Some lines in the listing hold the word "triX". Return each of them.

BEGIN DATA FOR THIS EXERCISE

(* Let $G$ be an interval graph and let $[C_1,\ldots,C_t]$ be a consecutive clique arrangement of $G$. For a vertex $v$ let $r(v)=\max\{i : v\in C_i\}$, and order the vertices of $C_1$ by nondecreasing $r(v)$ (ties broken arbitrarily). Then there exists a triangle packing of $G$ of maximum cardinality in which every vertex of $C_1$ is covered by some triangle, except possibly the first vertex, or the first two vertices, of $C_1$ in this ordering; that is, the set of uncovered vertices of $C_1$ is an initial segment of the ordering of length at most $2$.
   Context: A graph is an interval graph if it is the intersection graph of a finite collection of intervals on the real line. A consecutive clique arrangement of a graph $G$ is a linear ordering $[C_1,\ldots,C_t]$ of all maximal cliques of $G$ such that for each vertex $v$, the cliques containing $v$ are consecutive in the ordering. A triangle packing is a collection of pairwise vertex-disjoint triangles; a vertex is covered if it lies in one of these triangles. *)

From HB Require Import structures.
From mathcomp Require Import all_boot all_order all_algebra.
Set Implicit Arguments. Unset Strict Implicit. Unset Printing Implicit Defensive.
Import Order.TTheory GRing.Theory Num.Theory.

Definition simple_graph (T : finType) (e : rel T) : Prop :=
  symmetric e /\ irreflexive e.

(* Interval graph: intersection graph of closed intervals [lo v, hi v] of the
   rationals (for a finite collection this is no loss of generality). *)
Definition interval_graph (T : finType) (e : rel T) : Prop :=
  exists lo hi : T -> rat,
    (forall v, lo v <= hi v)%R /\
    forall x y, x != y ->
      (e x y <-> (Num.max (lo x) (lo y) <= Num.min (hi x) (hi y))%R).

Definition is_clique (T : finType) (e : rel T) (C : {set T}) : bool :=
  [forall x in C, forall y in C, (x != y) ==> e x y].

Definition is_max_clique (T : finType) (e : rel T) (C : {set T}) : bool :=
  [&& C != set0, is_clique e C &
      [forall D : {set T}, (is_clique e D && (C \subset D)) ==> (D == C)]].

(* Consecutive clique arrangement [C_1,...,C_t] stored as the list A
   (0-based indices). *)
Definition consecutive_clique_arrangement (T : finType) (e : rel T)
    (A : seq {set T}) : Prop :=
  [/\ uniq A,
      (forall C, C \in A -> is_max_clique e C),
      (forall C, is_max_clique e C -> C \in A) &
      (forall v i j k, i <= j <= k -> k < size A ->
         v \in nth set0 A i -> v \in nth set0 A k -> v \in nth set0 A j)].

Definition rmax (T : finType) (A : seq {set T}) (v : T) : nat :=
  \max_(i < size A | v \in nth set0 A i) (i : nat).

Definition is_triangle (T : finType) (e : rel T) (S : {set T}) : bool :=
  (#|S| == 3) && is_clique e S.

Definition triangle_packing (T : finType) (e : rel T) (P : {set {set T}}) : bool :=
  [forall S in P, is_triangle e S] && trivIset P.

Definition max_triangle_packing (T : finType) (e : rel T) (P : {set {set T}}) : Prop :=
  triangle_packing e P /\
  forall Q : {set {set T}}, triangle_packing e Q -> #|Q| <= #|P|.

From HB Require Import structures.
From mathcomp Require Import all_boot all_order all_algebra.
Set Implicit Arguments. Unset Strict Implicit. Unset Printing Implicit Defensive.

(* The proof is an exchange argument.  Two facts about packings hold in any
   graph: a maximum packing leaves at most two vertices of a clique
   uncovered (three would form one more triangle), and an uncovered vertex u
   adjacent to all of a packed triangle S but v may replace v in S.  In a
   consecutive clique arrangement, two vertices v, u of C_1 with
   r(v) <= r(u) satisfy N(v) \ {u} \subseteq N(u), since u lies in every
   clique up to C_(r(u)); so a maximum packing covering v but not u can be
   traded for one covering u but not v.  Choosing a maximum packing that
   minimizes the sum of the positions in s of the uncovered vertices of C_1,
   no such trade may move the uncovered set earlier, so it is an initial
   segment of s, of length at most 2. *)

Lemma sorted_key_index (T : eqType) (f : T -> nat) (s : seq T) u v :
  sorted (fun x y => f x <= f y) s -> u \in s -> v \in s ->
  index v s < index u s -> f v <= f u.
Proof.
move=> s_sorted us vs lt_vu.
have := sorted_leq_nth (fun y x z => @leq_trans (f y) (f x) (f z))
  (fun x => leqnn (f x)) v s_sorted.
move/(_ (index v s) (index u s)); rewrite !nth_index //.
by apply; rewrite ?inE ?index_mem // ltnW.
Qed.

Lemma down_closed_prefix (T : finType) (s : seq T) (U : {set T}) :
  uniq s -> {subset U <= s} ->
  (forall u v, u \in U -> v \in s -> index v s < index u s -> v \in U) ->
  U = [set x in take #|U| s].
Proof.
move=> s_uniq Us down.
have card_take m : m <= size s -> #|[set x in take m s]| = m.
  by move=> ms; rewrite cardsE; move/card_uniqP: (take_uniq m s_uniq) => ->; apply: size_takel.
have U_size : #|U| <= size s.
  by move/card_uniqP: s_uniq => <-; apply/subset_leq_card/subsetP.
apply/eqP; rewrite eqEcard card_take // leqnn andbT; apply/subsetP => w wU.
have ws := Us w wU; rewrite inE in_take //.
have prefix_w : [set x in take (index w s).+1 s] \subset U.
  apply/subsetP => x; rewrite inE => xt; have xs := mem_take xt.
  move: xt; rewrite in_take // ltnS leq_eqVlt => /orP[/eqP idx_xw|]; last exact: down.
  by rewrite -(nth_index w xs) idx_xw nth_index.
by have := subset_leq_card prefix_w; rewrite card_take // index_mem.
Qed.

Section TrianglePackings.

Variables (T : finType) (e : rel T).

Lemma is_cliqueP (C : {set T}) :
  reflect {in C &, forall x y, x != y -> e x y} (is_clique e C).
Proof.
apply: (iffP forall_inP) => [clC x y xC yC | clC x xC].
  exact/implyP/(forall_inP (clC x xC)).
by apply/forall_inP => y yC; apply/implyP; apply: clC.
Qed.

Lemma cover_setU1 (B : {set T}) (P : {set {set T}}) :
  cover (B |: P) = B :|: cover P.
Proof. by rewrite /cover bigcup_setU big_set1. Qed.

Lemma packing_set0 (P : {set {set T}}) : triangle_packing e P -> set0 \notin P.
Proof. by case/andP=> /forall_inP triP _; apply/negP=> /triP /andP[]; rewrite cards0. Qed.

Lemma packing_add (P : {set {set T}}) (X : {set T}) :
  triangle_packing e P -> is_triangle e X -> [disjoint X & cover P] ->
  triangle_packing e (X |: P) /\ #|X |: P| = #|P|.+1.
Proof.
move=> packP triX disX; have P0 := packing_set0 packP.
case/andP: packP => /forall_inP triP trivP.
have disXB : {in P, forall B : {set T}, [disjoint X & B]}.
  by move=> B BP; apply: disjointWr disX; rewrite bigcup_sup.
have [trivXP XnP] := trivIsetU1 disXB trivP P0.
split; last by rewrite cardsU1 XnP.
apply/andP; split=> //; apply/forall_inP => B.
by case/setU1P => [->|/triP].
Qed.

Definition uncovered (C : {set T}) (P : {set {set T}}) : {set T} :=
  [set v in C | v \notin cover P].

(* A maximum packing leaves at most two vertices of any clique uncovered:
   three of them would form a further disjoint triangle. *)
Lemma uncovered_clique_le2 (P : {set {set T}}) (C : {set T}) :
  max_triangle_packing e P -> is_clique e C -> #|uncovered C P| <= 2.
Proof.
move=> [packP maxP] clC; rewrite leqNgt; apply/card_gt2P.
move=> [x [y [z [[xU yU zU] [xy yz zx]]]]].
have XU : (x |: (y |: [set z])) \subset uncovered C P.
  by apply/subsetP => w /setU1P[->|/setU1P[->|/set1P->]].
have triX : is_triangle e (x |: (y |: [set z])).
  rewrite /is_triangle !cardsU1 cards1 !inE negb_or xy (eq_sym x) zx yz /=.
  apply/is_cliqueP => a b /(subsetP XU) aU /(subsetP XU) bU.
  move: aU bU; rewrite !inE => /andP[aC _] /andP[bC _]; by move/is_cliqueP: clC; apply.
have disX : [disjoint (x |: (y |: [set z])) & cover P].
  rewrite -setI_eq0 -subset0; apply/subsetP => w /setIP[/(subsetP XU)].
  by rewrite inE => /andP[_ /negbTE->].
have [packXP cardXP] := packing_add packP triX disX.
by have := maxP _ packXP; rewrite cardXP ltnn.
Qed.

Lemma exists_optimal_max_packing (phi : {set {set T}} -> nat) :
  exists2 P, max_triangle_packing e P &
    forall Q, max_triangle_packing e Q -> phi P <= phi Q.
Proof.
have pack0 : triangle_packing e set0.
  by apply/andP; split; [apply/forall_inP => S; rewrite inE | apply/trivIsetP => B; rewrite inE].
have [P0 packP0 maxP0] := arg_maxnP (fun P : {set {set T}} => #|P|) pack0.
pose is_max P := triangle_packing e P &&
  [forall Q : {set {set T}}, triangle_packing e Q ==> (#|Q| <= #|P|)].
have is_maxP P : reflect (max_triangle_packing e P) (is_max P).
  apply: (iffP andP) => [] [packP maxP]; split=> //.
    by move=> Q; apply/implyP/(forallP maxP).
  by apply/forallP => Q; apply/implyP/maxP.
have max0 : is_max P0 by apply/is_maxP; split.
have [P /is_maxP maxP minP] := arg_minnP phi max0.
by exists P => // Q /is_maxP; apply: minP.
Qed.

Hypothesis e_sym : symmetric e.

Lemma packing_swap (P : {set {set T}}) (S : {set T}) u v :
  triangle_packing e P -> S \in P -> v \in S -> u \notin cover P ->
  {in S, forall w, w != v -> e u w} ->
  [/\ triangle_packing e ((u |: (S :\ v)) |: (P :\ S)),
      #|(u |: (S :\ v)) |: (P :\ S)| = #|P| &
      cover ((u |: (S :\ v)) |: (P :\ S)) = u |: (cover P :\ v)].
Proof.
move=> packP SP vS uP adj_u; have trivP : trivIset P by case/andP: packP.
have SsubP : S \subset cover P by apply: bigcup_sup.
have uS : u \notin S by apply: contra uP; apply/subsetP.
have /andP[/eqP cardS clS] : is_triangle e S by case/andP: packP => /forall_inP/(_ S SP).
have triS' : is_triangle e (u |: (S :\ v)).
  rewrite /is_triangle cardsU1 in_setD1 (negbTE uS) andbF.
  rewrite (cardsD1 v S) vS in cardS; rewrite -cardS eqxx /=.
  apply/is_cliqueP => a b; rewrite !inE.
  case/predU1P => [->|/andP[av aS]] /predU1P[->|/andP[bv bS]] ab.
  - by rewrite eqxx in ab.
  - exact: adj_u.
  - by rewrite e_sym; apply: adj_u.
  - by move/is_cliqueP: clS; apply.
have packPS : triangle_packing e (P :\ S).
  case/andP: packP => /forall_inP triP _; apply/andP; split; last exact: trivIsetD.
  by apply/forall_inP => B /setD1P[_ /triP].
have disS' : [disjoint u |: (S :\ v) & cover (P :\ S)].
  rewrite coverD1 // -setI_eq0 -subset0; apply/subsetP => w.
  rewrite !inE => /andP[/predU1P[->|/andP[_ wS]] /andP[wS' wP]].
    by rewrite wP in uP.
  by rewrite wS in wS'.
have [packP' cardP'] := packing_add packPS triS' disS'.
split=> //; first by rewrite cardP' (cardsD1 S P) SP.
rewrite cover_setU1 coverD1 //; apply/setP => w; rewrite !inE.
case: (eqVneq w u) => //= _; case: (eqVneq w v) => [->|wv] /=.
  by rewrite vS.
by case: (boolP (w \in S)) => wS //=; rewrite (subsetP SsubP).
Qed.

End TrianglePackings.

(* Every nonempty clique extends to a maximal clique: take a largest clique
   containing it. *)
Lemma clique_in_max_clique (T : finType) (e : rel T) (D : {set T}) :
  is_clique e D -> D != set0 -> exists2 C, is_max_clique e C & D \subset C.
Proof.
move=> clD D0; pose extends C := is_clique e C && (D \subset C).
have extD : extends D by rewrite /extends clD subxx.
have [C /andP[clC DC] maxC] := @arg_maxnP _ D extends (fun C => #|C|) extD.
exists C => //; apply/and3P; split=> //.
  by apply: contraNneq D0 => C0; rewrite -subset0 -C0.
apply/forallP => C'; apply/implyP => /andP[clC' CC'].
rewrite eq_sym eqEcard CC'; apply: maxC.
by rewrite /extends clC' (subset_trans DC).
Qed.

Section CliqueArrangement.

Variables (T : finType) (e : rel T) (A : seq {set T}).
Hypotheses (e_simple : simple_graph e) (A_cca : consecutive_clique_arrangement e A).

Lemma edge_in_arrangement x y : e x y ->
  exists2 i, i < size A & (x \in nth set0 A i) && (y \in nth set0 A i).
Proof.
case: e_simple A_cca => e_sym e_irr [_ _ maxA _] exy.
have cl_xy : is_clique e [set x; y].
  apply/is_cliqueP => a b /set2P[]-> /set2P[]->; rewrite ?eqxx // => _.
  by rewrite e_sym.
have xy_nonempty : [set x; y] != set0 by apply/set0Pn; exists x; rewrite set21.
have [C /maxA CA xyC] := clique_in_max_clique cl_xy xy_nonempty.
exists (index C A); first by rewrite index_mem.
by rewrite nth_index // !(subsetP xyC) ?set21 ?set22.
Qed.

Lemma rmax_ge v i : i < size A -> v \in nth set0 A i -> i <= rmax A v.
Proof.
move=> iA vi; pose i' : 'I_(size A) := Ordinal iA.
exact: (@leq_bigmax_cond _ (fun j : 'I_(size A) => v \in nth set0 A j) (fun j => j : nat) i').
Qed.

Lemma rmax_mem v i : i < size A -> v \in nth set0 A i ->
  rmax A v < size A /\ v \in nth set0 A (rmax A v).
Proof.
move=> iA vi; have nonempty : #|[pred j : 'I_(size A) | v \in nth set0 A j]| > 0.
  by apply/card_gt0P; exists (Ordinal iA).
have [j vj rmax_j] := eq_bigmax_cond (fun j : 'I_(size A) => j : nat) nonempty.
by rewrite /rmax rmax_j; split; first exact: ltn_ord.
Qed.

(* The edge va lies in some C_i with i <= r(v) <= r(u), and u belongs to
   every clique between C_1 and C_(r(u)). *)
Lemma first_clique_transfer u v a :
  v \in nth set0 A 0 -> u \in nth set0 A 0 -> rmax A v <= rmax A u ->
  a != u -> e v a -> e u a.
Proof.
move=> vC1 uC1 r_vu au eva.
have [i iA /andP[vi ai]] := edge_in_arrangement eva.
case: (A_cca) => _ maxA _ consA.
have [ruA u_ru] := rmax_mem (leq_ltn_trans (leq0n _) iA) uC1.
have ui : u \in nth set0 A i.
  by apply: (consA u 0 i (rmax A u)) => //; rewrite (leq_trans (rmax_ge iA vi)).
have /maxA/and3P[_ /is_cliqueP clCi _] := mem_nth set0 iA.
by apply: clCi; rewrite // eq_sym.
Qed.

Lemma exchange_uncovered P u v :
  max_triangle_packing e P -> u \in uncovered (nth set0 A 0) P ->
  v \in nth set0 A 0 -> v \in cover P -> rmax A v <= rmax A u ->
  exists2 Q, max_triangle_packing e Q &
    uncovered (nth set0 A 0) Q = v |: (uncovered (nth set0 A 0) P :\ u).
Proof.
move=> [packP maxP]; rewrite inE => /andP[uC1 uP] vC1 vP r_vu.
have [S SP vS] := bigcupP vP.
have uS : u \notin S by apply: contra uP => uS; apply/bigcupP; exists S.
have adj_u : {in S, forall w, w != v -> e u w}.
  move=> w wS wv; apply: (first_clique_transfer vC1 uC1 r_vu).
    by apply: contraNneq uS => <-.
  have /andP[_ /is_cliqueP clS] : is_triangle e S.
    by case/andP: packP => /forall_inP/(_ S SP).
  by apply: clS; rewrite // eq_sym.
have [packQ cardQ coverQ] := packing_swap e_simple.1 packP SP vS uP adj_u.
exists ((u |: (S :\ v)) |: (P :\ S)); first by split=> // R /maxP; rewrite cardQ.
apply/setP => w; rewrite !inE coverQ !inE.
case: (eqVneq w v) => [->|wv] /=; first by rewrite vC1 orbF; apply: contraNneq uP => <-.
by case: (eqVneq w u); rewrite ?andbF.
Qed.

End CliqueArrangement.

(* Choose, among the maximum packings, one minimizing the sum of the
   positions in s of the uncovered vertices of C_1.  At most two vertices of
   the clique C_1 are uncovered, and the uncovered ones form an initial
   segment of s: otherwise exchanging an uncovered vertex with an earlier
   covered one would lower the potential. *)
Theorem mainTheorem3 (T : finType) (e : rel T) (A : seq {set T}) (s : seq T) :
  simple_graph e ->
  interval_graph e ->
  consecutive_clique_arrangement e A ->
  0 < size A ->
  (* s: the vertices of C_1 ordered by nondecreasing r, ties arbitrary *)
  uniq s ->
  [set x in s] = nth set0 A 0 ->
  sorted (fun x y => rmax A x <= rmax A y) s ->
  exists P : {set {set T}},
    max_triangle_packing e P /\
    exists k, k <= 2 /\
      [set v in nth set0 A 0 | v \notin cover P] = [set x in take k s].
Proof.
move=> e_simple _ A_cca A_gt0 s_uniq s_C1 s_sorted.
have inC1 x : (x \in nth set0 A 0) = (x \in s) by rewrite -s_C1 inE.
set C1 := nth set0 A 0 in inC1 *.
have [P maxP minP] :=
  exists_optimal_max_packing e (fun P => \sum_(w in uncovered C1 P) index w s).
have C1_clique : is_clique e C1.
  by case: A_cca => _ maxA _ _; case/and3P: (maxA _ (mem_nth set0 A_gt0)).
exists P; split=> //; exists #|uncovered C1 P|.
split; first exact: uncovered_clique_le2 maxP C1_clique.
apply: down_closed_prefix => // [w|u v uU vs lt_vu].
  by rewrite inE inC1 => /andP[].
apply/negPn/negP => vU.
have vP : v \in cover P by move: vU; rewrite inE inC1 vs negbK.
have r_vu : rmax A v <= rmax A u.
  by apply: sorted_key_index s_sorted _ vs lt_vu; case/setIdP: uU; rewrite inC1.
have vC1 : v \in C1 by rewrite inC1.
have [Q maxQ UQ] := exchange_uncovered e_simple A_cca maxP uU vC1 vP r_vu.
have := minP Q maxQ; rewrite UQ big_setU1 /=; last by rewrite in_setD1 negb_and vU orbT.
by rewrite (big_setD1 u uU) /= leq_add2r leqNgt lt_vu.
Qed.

END DATA FOR THIS EXERCISE

YOUR RESPONSE:
move=> packP triX disX; have P0 := packing_set0 packP.
have triX : is_triangle e (x |: (y |: [set z])).
have [packXP cardXP] := packing_add packP triX disX.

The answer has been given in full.